‒ Эмберли, ‒ выдохнул Дерек с отчаянием, словно заранее попросил прощения.
Тоже понял, что бесполезно? Одри же говорила: «Никто не поможет», правосудия неизбежно. Умело запрограммированная реальность тоже не на его стороне.
Совсем рядом раздался громкий хруст. Новоявленный папаша нарисовался. Он изо всех сил пнул невысокое кривое деревце, и то легко сломалось от его удара. Тогда мужчина ухватил тонкий ствол, протянул его Эмберли, пристроившись рядом с Дереком.
‒ Перехватись! Хотя бы одной рукой.
Теперь Мэдисон вцепилась в ветки. Её тянули уже вдвоём, и болото стало потихоньку сдаваться.
‒ Одри! ‒ Эмберли оглянулась. ‒ Держись за меня! ‒ Она даже отпустила куртку, протянула руку бывшей подруге. ‒ Слышишь?

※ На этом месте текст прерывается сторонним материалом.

(* Writing $\mathcal{E}=2\mathbb{Z}$, $\mathcal{O}=2\mathbb{Z}+1$, define subsets of $\mathbb{Z}^4$ (elements $(a,b,c,d)$): $X_1=\{b\in\mathcal{O},\ c\in2\mathcal{O},\ d\in4\mathcal{E}\}$, $X_2=\{b\in\mathcal{O},\ c\in2\mathcal{O},\ d\in4\mathcal{O}\}$, $X_3=\{a\in\mathcal{O},\ b,c\in\mathcal{E},\ d\in2\mathcal{O}\}$, $X_1'=\{c\in\mathcal{O},\ b\in2\mathcal{O},\ a\in4\mathcal{E}\}$, $X_1''=\{b+c\in\mathcal{O},\ a+c\in2\mathcal{E},\ a+b+c+d\in4\mathcal{E}\}$, $X_2'=\{c\in\mathcal{O},\ b\in2\mathcal{O},\ a\in4\mathcal{O}\}$, $X_2''=\{b+c\in\mathcal{O},\ a+c\in2\mathcal{E},\ a+b+c+d\in4\mathcal{O}\}$, $X_3'=\{d\in\mathcal{O},\ b,c\in\mathcal{E},\ a\in2\mathcal{O}\}$, $X_3''=\{a,b,c,d\in\mathcal{O},\ a+b+c+d\in2\mathcal{O}\}$. Then $\{x\in\mathbb{Z}^4: P(x)\equiv4\pmod{32}\}=X_1\sqcup X_1'\sqcup X_1''$ and $\{x\in\mathbb{Z}^4: P(x)\equiv20\pmod{32}\}=X_2\sqcup X_2'\sqcup X_2''\sqcup X_3\sqcup X_3'\sqcup X_3''$ (disjoint unions).
   Context: For $x=(a,b,c,d)\in\mathbb{Z}^4$, $P(x)=b^2c^2+18abcd-4ac^3-4b^3d-27a^2d^2$ (discriminant of the binary cubic form $au^3+bu^2v+cuv^2+dv^3$). For a set $S\subset\mathbb{Z}$ and $k\in\mathbb{Z}$, $kS=\{ks: s\in S\}$. *)

From Stdlib Require Import ZArith List.
Import ListNotations.
Open Scope Z_scope.

Definition Z4 : Type := (Z * Z * Z * Z)%type.

(* discriminant of the binary cubic form a u^3 + b u^2 v + c u v^2 + d v^3 *)
Definition P (x : Z4) : Z :=
  let '(a, b, c, d) := x in
  b^2*c^2 + 18*a*b*c*d - 4*a*c^3 - 4*b^3*d - 27*a^2*d^2.

Definition Ev (s : Z) : Prop := exists t, s = 2*t.
Definition Od (s : Z) : Prop := exists t, s = 2*t + 1.
Definition scal (k : Z) (S : Z -> Prop) (x : Z) : Prop := exists s, S s /\ x = k*s.

Definition X1 (x : Z4) : Prop := let '(a,b,c,d) := x in
  Od b /\ scal 2 Od c /\ scal 4 Ev d.
Definition X2 (x : Z4) : Prop := let '(a,b,c,d) := x in
  Od b /\ scal 2 Od c /\ scal 4 Od d.
Definition X3 (x : Z4) : Prop := let '(a,b,c,d) := x in
  Od a /\ Ev b /\ Ev c /\ scal 2 Od d.
Definition X1' (x : Z4) : Prop := let '(a,b,c,d) := x in
  Od c /\ scal 2 Od b /\ scal 4 Ev a.
Definition X1'' (x : Z4) : Prop := let '(a,b,c,d) := x in
  Od (b+c) /\ scal 2 Ev (a+c) /\ scal 4 Ev (a+b+c+d).
Definition X2' (x : Z4) : Prop := let '(a,b,c,d) := x in
  Od c /\ scal 2 Od b /\ scal 4 Od a.
Definition X2'' (x : Z4) : Prop := let '(a,b,c,d) := x in
  Od (b+c) /\ scal 2 Ev (a+c) /\ scal 4 Od (a+b+c+d).
Definition X3' (x : Z4) : Prop := let '(a,b,c,d) := x in
  Od d /\ Ev b /\ Ev c /\ scal 2 Od a.
Definition X3'' (x : Z4) : Prop := let '(a,b,c,d) := x in
  Od a /\ Od b /\ Od c /\ Od d /\ scal 2 Od (a+b+c+d).

Definition disjoint_union (S : Z4 -> Prop) (L : list (Z4 -> Prop)) : Prop :=
  (forall x, S x <-> Exists (fun X => X x) L) /\
  ForallOrdPairs (fun X Y => forall x, ~ (X x /\ Y x)) L.

(* P(x) mod 32 depends only on x mod 16: shifting one coordinate by 16 changes the
   discriminant by a multiple of 32.  Each of the nine sets is cut out by congruences
   modulo 2, 4 or 8 of sums of coordinates, so it is 16-periodic as well.  Both
   decompositions are therefore statements about (Z/16)^4, checked by computation. *)
From Stdlib Require Import ZArith List Lia Bool.
Import ListNotations.
Open Scope Z_scope.

Lemma scal_Od_mod (k s : Z) : 0 < k -> scal k Od s <-> s mod (2 * k) = k.
Proof.
  intros Hk; split.
  - intros [t [[u ->] ->]].
    symmetry; apply Z.mod_unique with u; [lia | ring].
  - intros Hs; exists (2 * (s / (2 * k)) + 1); split.
    + now exists (s / (2 * k)).
    + rewrite (Z_div_mod_eq_full s (2 * k)) at 1; rewrite Hs; ring.
Qed.

Lemma scal_Ev_mod (k s : Z) : 0 < k -> scal k Ev s <-> s mod (2 * k) = 0.
Proof.
  intros Hk; split.
  - intros [t [[u ->] ->]].
    symmetry; apply Z.mod_unique with u; [lia | ring].
  - intros Hs; exists (2 * (s / (2 * k))); split.
    + now exists (s / (2 * k)).
    + rewrite (Z_div_mod_eq_full s (2 * k)) at 1; rewrite Hs; ring.
Qed.

Lemma scal1 (S : Z -> Prop) (s : Z) : scal 1 S s <-> S s.
Proof.
  split.
  - intros [t [Ht ->]]; now rewrite Z.mul_1_l.
  - intros Hs; exists s; split; [exact Hs | ring].
Qed.

Lemma Od_mod (s : Z) : Od s <-> s mod 2 = 1.
Proof. rewrite <- scal1; exact (scal_Od_mod 1 s ltac:(lia)). Qed.

Lemma Ev_mod (s : Z) : Ev s <-> s mod 2 = 0.
Proof. rewrite <- scal1; exact (scal_Ev_mod 1 s ltac:(lia)). Qed.

Lemma P_rev (a b c d : Z) : P (a, b, c, d) = P (d, c, b, a).
Proof. unfold P; ring. Qed.

Lemma P_shift_a (q a b c d : Z) : P (16 * q + a, b, c, d) mod 32 = P (a, b, c, d) mod 32.
Proof.
  replace (P (16 * q + a, b, c, d)) with
    (P (a, b, c, d) + (9*q*b*c*d - 2*q*c^3 - 27*a*q*d^2 - 216*q^2*d^2) * 32) by (unfold P; ring).
  apply Z.mod_add; lia.
Qed.

Lemma P_shift_b (q a b c d : Z) : P (a, 16 * q + b, c, d) mod 32 = P (a, b, c, d) mod 32.
Proof.
  replace (P (a, 16 * q + b, c, d)) with
    (P (a, b, c, d)
     + ((b*q + 8*q^2)*c^2 + 9*a*q*c*d - (6*b^2*q + 96*b*q^2 + 512*q^3)*d) * 32)
    by (unfold P; ring).
  apply Z.mod_add; lia.
Qed.

Lemma P_shift16 (qa qb qc qd a b c d : Z) :
  P (16 * qa + a, 16 * qb + b, 16 * qc + c, 16 * qd + d) mod 32 = P (a, b, c, d) mod 32.
Proof.
  (* the reversal symmetry turns the shifts of d and c into shifts of a and b *)
  rewrite P_shift_a, P_rev, P_shift_a, P_rev, P_shift_b, P_rev, P_shift_b, P_rev.
  reflexivity.
Qed.

Definition red16 (x : Z4) : Z4 :=
  let '(a, b, c, d) := x in (a mod 16, b mod 16, c mod 16, d mod 16).

Lemma P_red16 (x : Z4) : P (red16 x) mod 32 = P x mod 32.
Proof.
  destruct x as [[[a b] c] d]; cbn [red16].
  rewrite <- (P_shift16 (a / 16) (b / 16) (c / 16) (d / 16)).
  now rewrite <- !Z_div_mod_eq_full.
Qed.

Definition decides (X : Z4 -> Prop) (f : Z4 -> bool) : Prop := forall x, X x <-> f x = true.

Fixpoint pairwise_disjointb (bs : list bool) : bool :=
  match bs with
  | [] => true
  | b :: bs => negb (b && existsb id bs) && pairwise_disjointb bs
  end.

Definition disjoint_unionb (s : bool) (bs : list bool) : bool :=
  Bool.eqb s (existsb id bs) && pairwise_disjointb bs.

Lemma Exists_existsb (L : list (Z4 -> Prop)) (Lb : list (Z4 -> bool)) (x : Z4) :
  Forall2 decides L Lb ->
  (Exists (fun X => X x) L <-> existsb id (map (fun f => f x) Lb) = true).
Proof.
  induction 1 as [| X f L Lb HXf _ IH]; cbn.
  - split; [now intros H; inversion H | discriminate].
  - rewrite Exists_cons, orb_true_iff, IH, (HXf x); reflexivity.
Qed.

Lemma ForallOrdPairs_disjointb (L : list (Z4 -> Prop)) (Lb : list (Z4 -> bool)) :
  Forall2 decides L Lb ->
  (forall x, pairwise_disjointb (map (fun f => f x) Lb) = true) ->
  ForallOrdPairs (fun X Y => forall x, ~ (X x /\ Y x)) L.
Proof.
  induction 1 as [| X f L Lb HXf HL IH]; intros Hdisj; constructor.
  - apply Forall_forall; intros Y HY x [HXx HYx].
    specialize (Hdisj x); cbn in Hdisj.
    apply andb_true_iff in Hdisj as [Hdisj _].
    apply (HXf x) in HXx.
    assert (Hex : existsb id (map (fun f => f x) Lb) = true)
      by (apply (Exists_existsb L); [| apply Exists_exists; exists Y]; auto).
    rewrite HXx, Hex in Hdisj; discriminate.
  - apply IH; intros x; specialize (Hdisj x); cbn in Hdisj.
    now apply andb_true_iff in Hdisj as [_ Hdisj].
Qed.

Lemma disjoint_union_reflect (S : Z4 -> Prop) (s : Z4 -> bool)
    (L : list (Z4 -> Prop)) (Lb : list (Z4 -> bool)) :
  decides S s -> Forall2 decides L Lb ->
  (forall x, disjoint_unionb (s x) (map (fun f => f x) Lb) = true) ->
  disjoint_union S L.
Proof.
  intros HS HL Hcheck; split.
  - intros x; specialize (Hcheck x); apply andb_true_iff in Hcheck as [Heq _].
    apply Bool.eqb_prop in Heq.
    now rewrite (HS x), (Exists_existsb L Lb x HL), Heq.
  - apply (ForallOrdPairs_disjointb L Lb HL); intros x.
    specialize (Hcheck x); now apply andb_true_iff in Hcheck as [_ Hdisj].
Qed.

Definition X1b (x : Z4) : bool := let '(a, b, c, d) := x in
  (b mod 2 =? 1) && (c mod 4 =? 2) && (d mod 8 =? 0).
Definition X2b (x : Z4) : bool := let '(a, b, c, d) := x in
  (b mod 2 =? 1) && (c mod 4 =? 2) && (d mod 8 =? 4).
Definition X3b (x : Z4) : bool := let '(a, b, c, d) := x in
  (a mod 2 =? 1) && (b mod 2 =? 0) && (c mod 2 =? 0) && (d mod 4 =? 2).
Definition X1'b (x : Z4) : bool := let '(a, b, c, d) := x in
  (c mod 2 =? 1) && (b mod 4 =? 2) && (a mod 8 =? 0).
Definition X1''b (x : Z4) : bool := let '(a, b, c, d) := x in
  ((b + c) mod 2 =? 1) && ((a + c) mod 4 =? 0) && ((a + b + c + d) mod 8 =? 0).
Definition X2'b (x : Z4) : bool := let '(a, b, c, d) := x in
  (c mod 2 =? 1) && (b mod 4 =? 2) && (a mod 8 =? 4).
Definition X2''b (x : Z4) : bool := let '(a, b, c, d) := x in
  ((b + c) mod 2 =? 1) && ((a + c) mod 4 =? 0) && ((a + b + c + d) mod 8 =? 4).
Definition X3'b (x : Z4) : bool := let '(a, b, c, d) := x in
  (d mod 2 =? 1) && (b mod 2 =? 0) && (c mod 2 =? 0) && (a mod 4 =? 2).
Definition X3''b (x : Z4) : bool := let '(a, b, c, d) := x in
  (a mod 2 =? 1) && (b mod 2 =? 1) && (c mod 2 =? 1) && (d mod 2 =? 1)
  && ((a + b + c + d) mod 4 =? 2).

Ltac decide_membership :=
  intros [[[a b] c] d]; cbn;
  rewrite ?Od_mod, ?Ev_mod, ?scal_Od_mod, ?scal_Ev_mod by lia;
  rewrite ?andb_true_iff, ?Z.eqb_eq; cbn; tauto.

Lemma X1_spec : decides X1 X1b. Proof. decide_membership. Qed.
Lemma X2_spec : decides X2 X2b. Proof. decide_membership. Qed.
Lemma X3_spec : decides X3 X3b. Proof. decide_membership. Qed.
Lemma X1'_spec : decides X1' X1'b. Proof. decide_membership. Qed.
Lemma X1''_spec : decides X1'' X1''b. Proof. decide_membership. Qed.
Lemma X2'_spec : decides X2' X2'b. Proof. decide_membership. Qed.
Lemma X2''_spec : decides X2'' X2''b. Proof. decide_membership. Qed.
Lemma X3'_spec : decides X3' X3'b. Proof. decide_membership. Qed.
Lemma X3''_spec : decides X3'' X3''b. Proof. decide_membership. Qed.

Definition classes_check (x : Z4) : bool :=
  disjoint_unionb (P x mod 32 =? 4) [X1b x; X1'b x; X1''b x] &&
  disjoint_unionb (P x mod 32 =? 20) [X2b x; X2'b x; X2''b x; X3b x; X3'b x; X3''b x].

Lemma classes_check_red16 (x : Z4) : classes_check (red16 x) = classes_check x.
Proof.
  unfold classes_check; rewrite P_red16.
  destruct x as [[[a b] c] d]; cbn [red16 X1b X1'b X1''b X2b X2'b X2''b X3b X3'b X3''b].
  repeat (f_equal; try (Z.div_mod_to_equations; lia)).
Qed.

Definition residues16 : list Z := map Z.of_nat (seq 0 16).

Definition box16 : list Z4 :=
  list_prod (list_prod (list_prod residues16 residues16) residues16) residues16.

Lemma red16_in_box16 (x : Z4) : In (red16 x) box16.
Proof.
  assert (Hres : forall z, In (z mod 16) residues16).
  { intros z; unfold residues16.
    replace (z mod 16) with (Z.of_nat (Z.to_nat (z mod 16))) by (Z.div_mod_to_equations; lia).
    apply in_map, in_seq; Z.div_mod_to_equations; lia. }
  destruct x as [[[a b] c] d]; cbn [red16].
  now repeat apply in_prod.
Qed.

Lemma classes_check_box16 : forallb classes_check box16 = true.
Proof. vm_compute; reflexivity. Qed.

Lemma classes_check_all (x : Z4) : classes_check x = true.
Proof.
  rewrite <- classes_check_red16.
  exact (proj1 (forallb_forall _ _) classes_check_box16 _ (red16_in_box16 x)).
Qed.

Theorem lemma2p6 :
  disjoint_union (fun x => P x mod 32 = 4) [X1; X1'; X1''] /\
  disjoint_union (fun x => P x mod 32 = 20) [X2; X2'; X2''; X3; X3'; X3''].
Proof.
  split.
  - apply (disjoint_union_reflect _ (fun x => P x mod 32 =? 4) _ [X1b; X1'b; X1''b]).
    + intros x; symmetry; apply Z.eqb_eq.
    + repeat apply Forall2_cons; try apply Forall2_nil.
      all: [> exact X1_spec | exact X1'_spec | exact X1''_spec ].
    + intros x; exact (proj1 (andb_prop _ _ (classes_check_all x))).
  - apply (disjoint_union_reflect _ (fun x => P x mod 32 =? 20) _
             [X2b; X2'b; X2''b; X3b; X3'b; X3''b]).
    + intros x; symmetry; apply Z.eqb_eq.
    + repeat apply Forall2_cons; try apply Forall2_nil.
      all: [> exact X2_spec | exact X2'_spec | exact X2''_spec
             | exact X3_spec | exact X3'_spec | exact X3''_spec ].
    + intros x; exact (proj2 (andb_prop _ _ (classes_check_all x))).
Qed.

Держись за меня!
Одри попыталась дотянуться. Но вовсе не для того, чтобы спастись самой. Нельзя ускользнуть от наказания!
‒ Стой! ‒ выкрикнул папаша нервно. ‒ Сразу двоих не получится. Лучше по очереди. Стой! Всё будет в порядке! Главное, не шевелись!

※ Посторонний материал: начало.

(* Let $A\in\mathbb{R}^{n\times n}$, let $s$ be an integer with $1\leq s<d(A)$, and let $v_0\in\mathbb{R}^n$ with $\|v_0\|=1$ and $d(A,v_0)\geq s+1$. Let $\Sigma_*^A$ be the set of limit vectors (accumulation points) of the sequence $\{v_k\}$ of the Arnoldi cross iteration ACI($s$) started at $v_0$. Then: (1) $\Sigma_*^A$ is a closed and connected subset of $\mathbb{R}^n$; (2) $\Sigma_*^A\subseteq\Sigma^A$, and every $v_*\in\Sigma_*^A$ satisfies $v_*=T_{A^T}(T_A(v_* ))$.
   Context: Notation: for $A\in\mathbb{R}^{n\times n}$, $d(A)$ is the degree of the minimal polynomial of $A$, $d(A,v)$ is the grade of $v$ w.r.t. $A$ (degree of the monic polynomial $p$ of smallest degree with $p(A)v=0$), $\mathcal{K}_k(A,v)=\mathrm{span}\{v,Av,\dots,A^{k-1}v\}$, $\mathcal{M}_s$ is the set of real monic polynomials of degree $s$, and $\|\cdot\|$ is the Euclidean norm. For a matrix $B$ and a vector $u$ with $d(B,u)\geq s$, let $P_s(\cdot\,;u)\in\mathcal{M}_s$ (determined w.r.t. $B$) be the unique monic polynomial with $P_s(B;u)u\perp\mathcal{K}_s(B,u)$. The Arnoldi cross iteration ACI($s$) started at $v_0$ is: for $k=0,1,2,\dots$: $\widetilde w_k=P_s(A;v_k)v_k$, $w_k=\widetilde w_k/\|\widetilde w_k\|$, $\widetilde v_{k+1}=P_s(A^T;w_k)w_k$, $v_{k+1}=\widetilde v_{k+1}/\|\widetilde v_{k+1}\|$. Define $\Sigma^A:=\{v\in\mathbb{R}^n:\|v\|=1,\ d(A,v)\geq s+1\}$ and, for unit $v$ with $d(A,v)\geq s+1$, $T_A(v):=P_s(A;v)v/\|P_s(A;v)v\|$; $T_{A^T}$ is defined analogously with $A^T$ in place of $A$. Thus $v_{k+1}=T_{A^T}(T_A(v_k))$. *)

From HB Require Import structures.
From mathcomp Require Import all_boot all_order all_algebra.
From mathcomp Require Import all_classical all_reals all_analysis.
From Stdlib Require Import ClassicalEpsilon.
Set Implicit Arguments. Unset Strict Implicit. Unset Printing Implicit Defensive.
Import Order.TTheory GRing.Theory Num.Theory.
Import numFieldTopology.Exports.
Local Open Scope ring_scope.
Local Open Scope classical_set_scope.

Section Defs.
Variables (R : realType) (n : nat).

Definition enorm (v : 'cV[R]_n) : R := Num.sqrt (\sum_i (v i 0) ^+ 2).

Definition pmx (B : 'M[R]_n) (p : {poly R}) : 'M[R]_n :=
  \sum_(i < size p) p`_i *: B ^+ i.

Definition annihM (A : 'M[R]_n) (k : nat) : bool :=
  `[< exists p : {poly R}, [/\ p \is monic, size p = k.+1 & pmx A p = 0] >].

Definition annihV (A : 'M[R]_n) (v : 'cV[R]_n) (k : nat) : bool :=
  `[< exists p : {poly R}, [/\ p \is monic, size p = k.+1 & pmx A p *m v = 0] >].
(* Let $\psi^a_A$ be smooth fields on Minkowski space with values in the odd part of $\Lambda$, and let $A_\mu$ be a smooth gauge potential as in the context. Define $\mathcal{J}^{ab}$, $C_\mu^{ab}$, $\mathcal{X}^2$ and $\mathcal{J}^2$ as in the context. Then for all $\mu$ and all bispinor indices $a,b$: $$ \mathcal{X}^2\big(C_\mu^{ab}+\partial_\mu\mathcal{J}^{ab}\big) = -4\big(C_\mu^{cb}+\partial_\mu\mathcal{J}^{cb}\big)\beta_{cf}\Big(\mathcal{J}^2\mathcal{J}^{af}+2\beta_{ghde}\mathcal{J}^{gd}\mathcal{J}^{hf}\mathcal{J}^{ae}\Big) -8\big(C_\mu^{gb}+\partial_\mu\mathcal{J}^{gb}\big)\beta_{cf}\beta_{ghde}\Big(\mathcal{J}^{he}\mathcal{J}^{cf}\mathcal{J}^{ad}+\mathcal{J}^{cd}\mathcal{J}^{hf}\mathcal{J}^{ae}+\mathcal{J}^{hd}\mathcal{J}^{ce}\mathcal{J}^{af}\Big). $$
   Context: Summation over repeated indices is understood. Colour indices $A,B,\dots\in\{1,2,3\}$; bispinor indices $a,b,\dots\in\{1,2,\dot1,\dot2\}$ (ordered in this way); spacetime indices $\mu,\nu\in\{0,1,2,3\}$, raised/lowered with $\eta=\mathrm{diag}(1,-1,-1,-1)$. $\Lambda$ is the complex Grassmann algebra generated by the 24 anticommuting generators $\psi^a_A,\overline{\psi^a_A}$, equipped with the antilinear involution (complex conjugation) $x\mapsto\bar x$ exchanging $\psi^a_A$ and $\overline{\psi^a_A}$ and satisfying $\overline{xy}=\bar y\,\bar x$; quark fields are $\Lambda$-valued fields on spacetime whose components $\psi^a_A$ are odd. $g^{AB}=\delta^{AB}$ is the Hermitian colour metric and $\epsilon^{ABC}$ the totally antisymmetric symbol with $\epsilon^{123}=1$. The gauge potential $A_{\mu A}{}^{B}$ is a smooth field of Hermitian $3\times3$ matrices ($\overline{A_{\mu A}{}^B}=A_{\mu B}{}^A$), $g$ is a nonzero real coupling constant, $D_\mu\psi^a_A=\partial_\mu\psi^a_A+ig\,A_{\mu A}{}^B\psi^a_B$, and $\overline{D_\mu\psi^a_A}$ is its conjugate. Spinor structures: $\sigma^\mu=(I,\sigma^1,\sigma^2,\sigma^3)$, $\tilde\sigma^\mu=(I,-\sigma^1,-\sigma^2,-\sigma^3)$ with $\sigma^k$ the Pauli matrices; in the ordering $(1,2,\dot1,\dot2)$, $(\gamma^\mu)^a{}_b=\begin{pmatrix}0&\tilde\sigma^\mu\\ \sigma^\mu&0\end{pmatrix}$, $\epsilon_{ab}=\begin{pmatrix}\varepsilon&0\\0&-\varepsilon\end{pmatrix}$ with $\varepsilon=\begin{pmatrix}0&1\\-1&0\end{pmatrix}$, $(\gamma^\mu)_{cb}:=(\gamma^\mu)^a{}_b\epsilon_{ac}$, and the Hermitian form $\beta_{ab}=\begin{pmatrix}0&I_2\\ I_2&0\end{pmatrix}$. Define $\beta_{abcd}:=\tfrac12\overline{(\gamma_\mu)_{ab}}(\gamma^\mu)_{cd}$ (symmetric in $(a,b)$ and in $(c,d)$). Gauge invariants: $\mathcal{J}^{ab}:=\overline{\psi^a_A}g^{AB}\psi^b_B$, $C_\mu^{ab}:=\overline{\psi^a_A}g^{AB}(D_\mu\psi^b_B)-(\overline{D_\mu\psi^a_A})g^{AB}\psi^b_B$, $\mathcal{J}^2:=\mathcal{J}^{ab}\beta_{acbd}\mathcal{J}^{cd}$, and $\mathcal{X}^2:=4\beta_{bcef}\beta_{ad}\{\mathcal{J}^{ad}\mathcal{J}^{be}\mathcal{J}^{cf}+2\mathcal{J}^{ae}\mathcal{J}^{bf}\mathcal{J}^{cd}\}$. *)

From HB Require Import structures.
From mathcomp Require Import all_boot all_order all_algebra.
From mathcomp Require Import complex.
From mathcomp Require Import all_classical all_reals all_analysis.
Set Implicit Arguments. Unset Strict Implicit. Unset Printing Implicit Defensive.
Import Order.TTheory GRing.Theory Num.Theory.
Local Open Scope ring_scope.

А сам прополз чуть вперёд, ухватил Эмберли за капюшон и, силясь, подтащил к себе.
Та выбросила руку вперёд, и Дерек поймал её ладонь. Дёрнул. Трясина сердито чавкнула, но выпустила пленницу. Зато Дерек не выпустил, ещё ближе притянул Эмберли к себе, прижал.
Так они и сидели, вцепившись друг в друга, наслаждаясь тем, что живы, тем, что рядом. И плевать на расцарапанные в кровь руки, на грязь, облепившую волосы и лицо.
А про Одри они забыли. Просто взяли и забыли. Как всегда. А кто она для них?
Ну и пусть! Пусть! Она сама выбрала для себя этот финал и не сожалела. Нисколько!
Болотная жижа уже подступала к груди.
‒ Одри, держись! Мы сейчас! — глухой, едва различимый голос долетел до ее сознания, будто издалека, с трудом пробился сквозь звон в ушах.
Зато Одри поймала взгляд и больше не желала его отпускать. Тот был переполнен отчаянием, надеждой и болью.
Это хорошо! Самое страшное наказание для оставшихся ‒ помнить. Жить дальше с неистребимым чувством вины.
Она медленно помотала головой, но на её движение никто не обратил внимания — папаша Эмберли уже протягивал ей облепленную грязью палку.
Нет! Одри отодвинулась, и этого оказалось достаточно, чтобы вновь ожившая от её шевеления трясина потянула вниз с удвоенной силой, заглотила по самый подбородок, а потом, сразу же, ещё глубже.
Жижа попала в нос ‒ Одри захлебнулась. Рот распахнулся, вода хлынула в него, ободрала горло, проникла в лёгкие, обожгла нестерпимой болью. Крик вырвался сам, но тут же растворился в вонючем болоте. Одри дернулась вверх, но получилось, что погрузилась еще глубже. В тишину. В темноту. В небытие.